In late October, hostages freed from Gaza confirmed the historian was alive and said he was being held in underground tunnels, where he gives history lectures to fellow captives.

“The last hostages to be release told us he was alive, but that was 20 days ago. It's getting more dangerous every day,” said Matti.

“I'm begging the Polish government to do something, to pressure the Israeli government to change the priorities. Human life is worth saving more than killing all the terrorists … and they don't have time.”

His worries have been heightened by his father's ill health and reports other hostages were not given medicine handed over to the Red Cross.

“My father is sick and needs his medicine. He had a severe heart attack several years ago and also takes medication for his kidneys."

While a temporary truce secured the release of 110 hostages, all women and children, Israeli air strikes on Gaza have resumed with ferocity.

Now relatives of the hostages fear their loved ones will be hit.

“We're very worried they will be killed by our own forces that are bombing Gaza now, that they will be injured or killed by Israel by mistake,” said Matti.

Those in Poland pleading for the release of Mr Dancyg include former students, actors and those in charge of the Auschwitz Memorial, one of many sites Mr Dancyg would visit with students learning about the Holocaust.

The museum's social media channels said he “devoted himself to teaching how the evil, perverse, and godless system of Nazi Germany could destroy good, peaceful, and innocent people”.

“The innocent and righteous have the right to live in harmony and peace. This principle applies to everyone, including Alex Dancyg, who, through his teachings, bears witness to the innocence and righteousness of unfairly treated victims,” it said.

Former residents of his devastated kibbutz shared stories of Mr Dancyg, who also ran a peanut farm, sharing widely with Bedouin Palestinians in nearby villages.

“He is a man of the land and a man of the book,” said Ms Margaliot.

One campaigner, Pola Namysl, despite never meeting Mr Dancyg, has set up a social media account calling for his release, one of many dedicated to those taken into captivity.

“Everyone loves him,” she said from Warsaw, where she organised a rally in support of Mr Dancyg and other captives.

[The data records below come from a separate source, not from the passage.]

(* (a) If $P_n$ is a path of order $n$, then $S_2(P_n)$ is a DPDP-graph for every $n\ge 2$, and $S_2(P_n)$ is a minimal DPDP-graph if and only if $n\in\{2,3,4,5\}$. (b) If $C_m$ is a cycle of size $m$ (where $C_1$ is a vertex with one loop and $C_2$ consists of two vertices joined by two parallel edges), then $S_2(C_m)$ is a DPDP-graph for every positive integer $m$, and $S_2(C_m)$ is a minimal DPDP-graph if and only if $m\in\{1,2,3\}$.
   Context: Graphs are finite and may have multiple edges and loops. A leaf is a vertex of degree one. A set $D\subseteq V(G)$ is dominating if every vertex outside $D$ has a neighbor in $D$; $P$ is paired-dominating if it is dominating and the subgraph induced by $P$ has a perfect matching. A DPDP-graph is a graph $G$ admitting disjoint sets $D,P$ with $V(G)=D\cup P$, $D$ dominating and $P$ paired-dominating; a minimal DPDP-graph is a DPDP-graph no proper spanning subgraph of which is a DPDP-graph. 2-subdivision graph: for a graph $H$ with no isolated vertex, set of leaves $L_H$, and $\alpha:L_H\to\mathbb{N}=\{1,2,\dots\}$, $S_2(H)$ has vertex set $(V_H\setminus L_H)\cup\{(v,i): v\in L_H, 1\le i\le \alpha(v)\}$ together with two new vertices for each edge $e$ of $H$ ($u_e,v_e$ if $e$ joins $u\ne v$; $v_e^1,v_e^2$ if $e$ is a loop at $v$). Its edges are: the edge joining the two new vertices of each $e$; for $v\in V_H\setminus L_H$, $vv_e$ for each non-loop edge $e$ at $v$ and $vv_e^1,vv_e^2$ for each loop $e$ at $v$; for $v\in L_H$ with incident edge $e$, the edges $v_e(v,i)$, $1\le i\le\alpha(v)$. In (a) the function $\alpha$ on the leaves of $P_n$ is arbitrary. *)

From mathcomp Require Import all_boot.
From mathcomp Require Import zify.
Set Implicit Arguments. Unset Strict Implicit. Unset Printing Implicit Defensive.

Section DPDP.
Variables (T : finType) (adj : rel T).

Definition dominating (D : {set T}) : Prop :=
  forall x, x \notin D -> exists2 y, y \in D & adj x y.

Definition perfect_matching_of_induced (P : {set T}) (M : {set {set T}}) : Prop :=
  (forall e, e \in M ->
     exists x y, [/\ x != y, x \in P, y \in P, adj x y & e = [set x; y]]) /\
  (forall x, x \in P -> exists! e, e \in M /\ x \in e).

Definition paired_dominating (P : {set T}) : Prop :=
  dominating P /\ exists M, perfect_matching_of_induced P M.

Definition DPDP : Prop :=
  exists D P : {set T},
    [/\ [disjoint D & P], D :|: P = setT, dominating D & paired_dominating P].
End DPDP.

(* Spanning
   subgraphs of the simple graph (T, adj) are the graphs (T, adj') with
   adj' a symmetric subrelation of adj; proper means some edge is lost. *)
Definition minimal_DPDP (T : finType) (adj : rel T) : Prop :=
  DPDP adj /\
  forall adj' : rel T, symmetric adj' -> subrel adj' adj ->
    (exists x y, adj x y && ~~ adj' x y) -> ~ DPDP adj'.

(* Multigraphs H = (V, E, ends): each edge e has endpoints ends e     *)
(* (a loop when both coincide).  Half-edges are pairs (e, side).       *)
Section S2.
Variables (V E : finType) (ends : E -> V * V) (alpha : V -> nat).

Definition endpt (h : E * bool) : V :=
  if h.2 then (ends h.1).2 else (ends h.1).1.

(* degree, loops counted twice *)
Definition deg (v : V) : nat := #|[set h : E * bool | endpt h == v]|.
Definition leaf (v : V) : bool := deg v == 1.

(* vertices of S_2(H):
   inl (inl v)      : v a non-leaf vertex of H
   inl (inr (v,i))  : the copy (v, i+1), v a leaf, 0 <= i < alpha v
   inr (e, s)       : the new vertex of edge e on side s
                      (u_e / v_e for a non-loop, v_e^1 / v_e^2 for a loop) *)
Definition S2_vertex : finType :=
  (({v : V | ~~ leaf v} + {x : {v : V & 'I_(alpha v)} | leaf (tag x)})
     + (E * bool))%type.

Definition S2_adj : rel S2_vertex := fun x y =>
  match x, y with
  | inr h, inr h' => (h.1 == h'.1) && (h.2 != h'.2)
  | inl (inl v), inr h | inr h, inl (inl v) => endpt h == val v
  | inl (inr c), inr h | inr h, inl (inr c) => endpt h == tag (val c)
  | _, _ => false
  end.
End S2.
Arguments endpt {V E} ends h.
Arguments deg {V E} ends v.
Arguments leaf {V E} ends v.
Arguments S2_vertex {V E} ends alpha.
Arguments S2_adj {V E} ends alpha x y.

Lemma path_lt1 n (j : 'I_n.-1) : j < n.
Proof. case: j => j /=; lia. Qed.
Lemma path_lt2 n (j : 'I_n.-1) : j.+1 < n.
Proof. case: j => j /=; lia. Qed.

Definition path_ends (n : nat) (j : 'I_n.-1) : 'I_n * 'I_n :=
  (Ordinal (path_lt1 j), Ordinal (path_lt2 j)).

(* C_m: vertices 0..m-1, edge j joins j and j+1 mod m;
   C_1 is one vertex with a loop, C_2 two vertices with two parallel edges *)
Definition cycle_ends (m : nat) (j : 'I_m) : 'I_m * 'I_m := (j, ordS j).

From mathcomp Require Import all_boot zify.
Set Implicit Arguments. Unset Strict Implicit. Unset Printing Implicit Defensive.

(* Label the vertices of S_2(H) by 3v for a vertex v of H (all copies (v, i) of a leaf sharing
   the label of v) and by 3j+1, 3j+2 for the two new vertices of the j-th edge.  Adjacency in
   S_2(P_n) and S_2(C_m) is then pulled back from the path on 3n-2 labels and the cycle on 3m
   labels, and only the two end labels of the path carry several vertices, all pendant.
   A DPDP partition induces a colouring of the labels in which every label has a neighbour in P
   and every P-label one in D; conversely such a colouring whose P-labels are paired along
   edges lifts to a DPDP partition.  The pattern D P P repeated along the labels proves the DPDP
   property.  For n >= 6 (m >= 4) the pattern D P P D on the first twelve labels survives the
   deletion of the edge between labels 3 and 4, so the graph is not minimal.  For smaller n, m an
   exhaustive search over colourings shows that no deletion of an edge between singleton labels
   survives, while an edge at a pendant vertex can never be deleted. *)

Section DPDPGeneral.
Variable T : finType.
Implicit Types (adj : rel T) (D : {set T}).

Lemma DPDP_subrel adj adj' : subrel adj adj' -> DPDP adj -> DPDP adj'.
Proof.
move=> sub [D [P [dDP DUP domD [domP [M [Medge Mcover]]]]]].
exists D, P; split => //.
- by move=> x /domD [y yD /sub xy]; exists y.
split; first by move=> x /domP [y yP /sub xy]; exists y.
exists M; split => // e /Medge [x [y [xy xP yP /sub adj_xy ->]]].
by exists x, y.
Qed.

Lemma DPDP_neighbours adj : symmetric adj -> DPDP adj ->
  exists D, (forall x, exists2 y, y \notin D & adj x y) /\
            (forall x, x \notin D -> exists2 y, y \in D & adj x y).
Proof.
move=> adjC [D [P [dDP DUP domD [domP [M [Medge Mcover]]]]]].
have PE x : (x \in P) = (x \notin D).
  apply/idP/idP => [xP | xD]; first by rewrite (disjointFl dDP xP).
  by move: (in_setT x); rewrite -DUP inE (negbTE xD).
exists D; split=> [x|]; last exact: domD.
have [xD | xP] := boolP (x \in D).
  by have [|y yP xy] := domP x; [rewrite PE xD | exists y; rewrite -?PE].
rewrite -PE in xP; have [e [[eM xe] _]] := Mcover x xP.
have [a [b [_ aP bP ab eE]]] := Medge e eM.
move: xe; rewrite eE !inE => /orP[] /eqP->; first by exists b; rewrite -?PE.
by exists a; rewrite -?PE // adjC.
Qed.

Lemma DPDP_of_partner adj D (f : T -> T) :
  (forall x, exists2 y, (y \in D) = (x \notin D) & adj x y) ->
  (forall x, x \notin D -> [/\ f x \notin D, adj x (f x), f (f x) = x & f x != x]) ->
  DPDP adj.
Proof.
move=> opp partner; exists D, (~: D); split.
- by rewrite disjoints_subset setCK.
- by rewrite setUCr.
- by move=> x xD; have [y] := opp x; rewrite xD => yD xy; exists y.
split.
  move=> x; rewrite inE negbK => xD; have [y] := opp x.
  by rewrite xD => yD xy; exists y; rewrite // inE yD.
exists [set [set x; f x] | x in ~: D]; split.
- move=> e /imsetP[x]; rewrite inE => xD ->.
  have [fxD xf _ fx_neq] := partner x xD.
  by exists x, (f x); split; rewrite ?inE // eq_sym.
move=> x; rewrite inE => xD; exists [set x; f x]; split.
  by split; [apply/imsetP; exists x; rewrite ?inE | rewrite !inE eqxx].
move=> e [/imsetP[y]]; rewrite inE => /partner[_ _ ffy _] -> /set2P[]->//.
by rewrite ffy setUC.
Qed.

End DPDPGeneral.

Definition remove_edge (T : eqType) (r : rel T) (a b : T) : rel T := fun x y =>
  r x y && ~~ ((x == a) && (y == b) || (x == b) && (y == a)).

Lemma remove_edge_sym (T : eqType) (r : rel T) a b :
  symmetric r -> symmetric (remove_edge r a b).
Proof.
move=> rC x y; rewrite /remove_edge rC; congr (_ && ~~ _).
by rewrite orbC andbC [(y == b) && _]andbC.
Qed.

Lemma remove_edge_subrel (T : eqType) (r r' : rel T) a b :
  subrel r r' -> subrel (remove_edge r a b) (remove_edge r' a b).
Proof. by move=> rr' x y /andP[/rr' xy ab]; rewrite /remove_edge xy. Qed.

(* [d i] says that label [i] lies in D. *)
Definition dpdp_colouring (N : nat) (e : rel nat) (d : nat -> bool) : bool :=
  all (fun i => has (fun j => ~~ d j && e i j) (iota 0 N) &&
                (d i || has (fun j => d j && e i j) (iota 0 N))) (iota 0 N).

Definition opposite_neighbours (N : nat) (e : rel nat) (d : nat -> bool) : Prop :=
  forall i, i < N -> exists2 j, j < N & (d j != d i) && e i j.

Definition pairing (N : nat) (e : rel nat) (d : nat -> bool) (p : nat -> nat) : Prop :=
  forall i, i < N -> ~~ d i -> [/\ p i < N, ~~ d (p i), e i (p i), p (p i) = i & p i != i].

Lemma pairing_subrel N e e' d p : subrel e e' -> pairing N e d p -> pairing N e' d p.
Proof. by move=> ee' pair i iN /(pair i iN)[? ? /ee']. Qed.

Section Quotient.
Variables (T : finType) (lbl : T -> nat) (N : nat).

Definition quotient_of (adj : rel T) (e : rel nat) : Prop :=
  [/\ forall x y, adj x y = e (lbl x) (lbl y), forall x, lbl x < N
    & forall i, i < N -> exists x, lbl x = i].

Definition singleton_fibre (i : nat) : Prop :=
  forall x y, lbl x = i -> lbl y = i -> x = y.

Definition pendant_fibre (e : rel nat) (i : nat) : Prop :=
  exists2 k, singleton_fibre k & forall j, e i j -> j = k.

Lemma singleton_fibre_eq x0 x : singleton_fibre (lbl x0) -> (x == x0) = (lbl x == lbl x0).
Proof. by move=> s0; apply/eqP/eqP => [->|lx]; last exact: s0 lx erefl. Qed.

Lemma quotient_remove_edge adj e x0 y0 : quotient_of adj e ->
  singleton_fibre (lbl x0) -> singleton_fibre (lbl y0) ->
  quotient_of (remove_edge adj x0 y0) (remove_edge e (lbl x0) (lbl y0)).
Proof.
move=> [adjE lblN lblS] s0 t0; split=> // x y.
by rewrite /remove_edge adjE !(singleton_fibre_eq _ s0) !(singleton_fibre_eq _ t0).
Qed.

Lemma DPDP_of_pairing adj e d p : quotient_of adj e ->
  opposite_neighbours N e d -> pairing N e d p ->
  (forall i, i < N -> ~~ d i -> singleton_fibre i) -> DPDP adj.
Proof.
move=> [adjE lblN lblS] opp pair P_single.
pose f x := odflt x [pick y | lbl y == p (lbl x)].
have lbl_f x : ~~ d (lbl x) -> lbl (f x) = p (lbl x).
  move=> dx; rewrite /f; case: pickP => [y /eqP //| no_y].
  have [pN _ _ _ _] := pair _ (lblN x) dx.
  by have [y ly] := lblS _ pN; move: (no_y y); rewrite ly eqxx.
apply: (@DPDP_of_partner _ _ [set x | d (lbl x)] f) => x.
  have [j jN /andP[dj ej]] := opp _ (lblN x).
  have [y ly] := lblS j jN; exists y; last by rewrite adjE ly.
  by rewrite !inE ly; move: dj; case: (d j); case: (d (lbl x)).
rewrite inE => dx; have [pN dp ep pp pne] := pair _ (lblN x) dx.
have dfx : ~~ d (lbl (f x)) by rewrite lbl_f.
split; first by rewrite inE lbl_f.
- by rewrite adjE lbl_f.
- by apply: (P_single _ (lblN x) dx) => //; rewrite !lbl_f.
- by apply: contraNneq pne => fx; rewrite -lbl_f // fx.
Qed.

Lemma colouring_of_DPDP adj e : quotient_of adj e ->
  (forall i, i < N -> singleton_fibre i \/ pendant_fibre e i) ->
  symmetric adj -> DPDP adj -> exists d, dpdp_colouring N e d.
Proof.
move=> [adjE lblN lblS] fibres adjC /(DPDP_neighbours adjC) [D [nbrP nbrD]].
have pendant_in_D x : pendant_fibre e (lbl x) -> x \in D.
  move=> [k sk ek]; apply/contraT => xD.
  have [y yD xy] := nbrP x; have [z zD xz] := nbrD x xD.
  move: xy xz; rewrite !adjE => xy xz.
  by rewrite (sk _ _ (ek _ xy) (ek _ xz)) zD in yD.
pose d i := [forall x, (lbl x == i) ==> (x \in D)].
have dE x : d (lbl x) = (x \in D).
  apply/forallP/idP => [/(_ x)|xD y]; first by rewrite eqxx.
  apply/implyP => /eqP ly; have [sx|px] := fibres _ (lblN x).
    by rewrite (sx _ _ ly erefl).
  by apply: pendant_in_D; rewrite ly.
exists d; apply/allP => i; rewrite mem_iota => /andP[_ iN].
have [x <-] := lblS i iN; have [y yD xy] := nbrP x.
apply/andP; split.
  by apply/hasP; exists (lbl y); rewrite ?mem_iota ?lblN // dE yD -adjE.
rewrite dE; apply/orP; have [xD|xP] := boolP (x \in D); [by left | right].
have [z zD xz] := nbrD x xP.
by apply/hasP; exists (lbl z); rewrite ?mem_iota ?lblN // dE zD -adjE.
Qed.

Lemma minimal_DPDP_of_quotient adj e : quotient_of adj e ->
  (forall i, i < N -> singleton_fibre i \/ pendant_fibre e i) ->
  symmetric adj -> DPDP adj ->
  (forall a b, a < N -> b < N -> e a b -> forall d, ~~ dpdp_colouring N (remove_edge e a b) d) ->
  minimal_DPDP adj.
Proof.
move=> q fibres adjC DPDPadj rigid; split=> // adj' adj'C sub.
move=> [x0 [y0 /andP[xy0 nxy0]]] DPDPadj'.
have [adjE lblN _] := q.
have lost_edge_singleton x y : adj x y -> ~~ adj' x y -> singleton_fibre (lbl x).
  move=> xy nxy; case: (fibres _ (lblN x)) => // [[k sk ek]].
  have [D [nbrP _]] := DPDP_neighbours adj'C DPDPadj'.
  have [z _ xz] := nbrP x.
  move: (sub _ _ xz) xy; rewrite !adjE => /ek lz /ek ly.
  by move: xz; rewrite (sk _ _ lz ly) (negbTE nxy).
have s0 := lost_edge_singleton _ _ xy0 nxy0.
have t0 : singleton_fibre (lbl y0).
  by apply: (lost_edge_singleton _ x0); rewrite 1?adjC 1?adj'C.
have sub0 : subrel adj' (remove_edge adj x0 y0).
  move=> x y xy; rewrite /remove_edge (sub _ _ xy) /=.
  apply/negP => /orP[]/andP[/eqP ex /eqP ey]; subst x y; first by rewrite xy in nxy0.
  by rewrite adj'C xy in nxy0.
have [|d col] := colouring_of_DPDP (quotient_remove_edge q s0 t0) _
  (remove_edge_sym _ _ adjC) (DPDP_subrel sub0 DPDPadj').
  move=> i iN; case: (fibres i iN) => [|[k sk ek]]; [by left | right].
  by exists k => // j /andP[/ek].
by move: col; apply/negP; apply: rigid; rewrite -?adjE.
Qed.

“He's an incredibly intelligent, but incredibly caring person. I can't wait for him to be released so he can see all of these people who care about him.”

Matti has been critical of the Israeli government, as are many relatives of those still held by Hamas and other Palestinian militant groups.

“Put the ego aside and get them back, whatever the price. I don't care about the price,” he said.

“The government deserted them. Left them to die, to be raped, the kidnapped, taken to hell. They have to pay the price now.”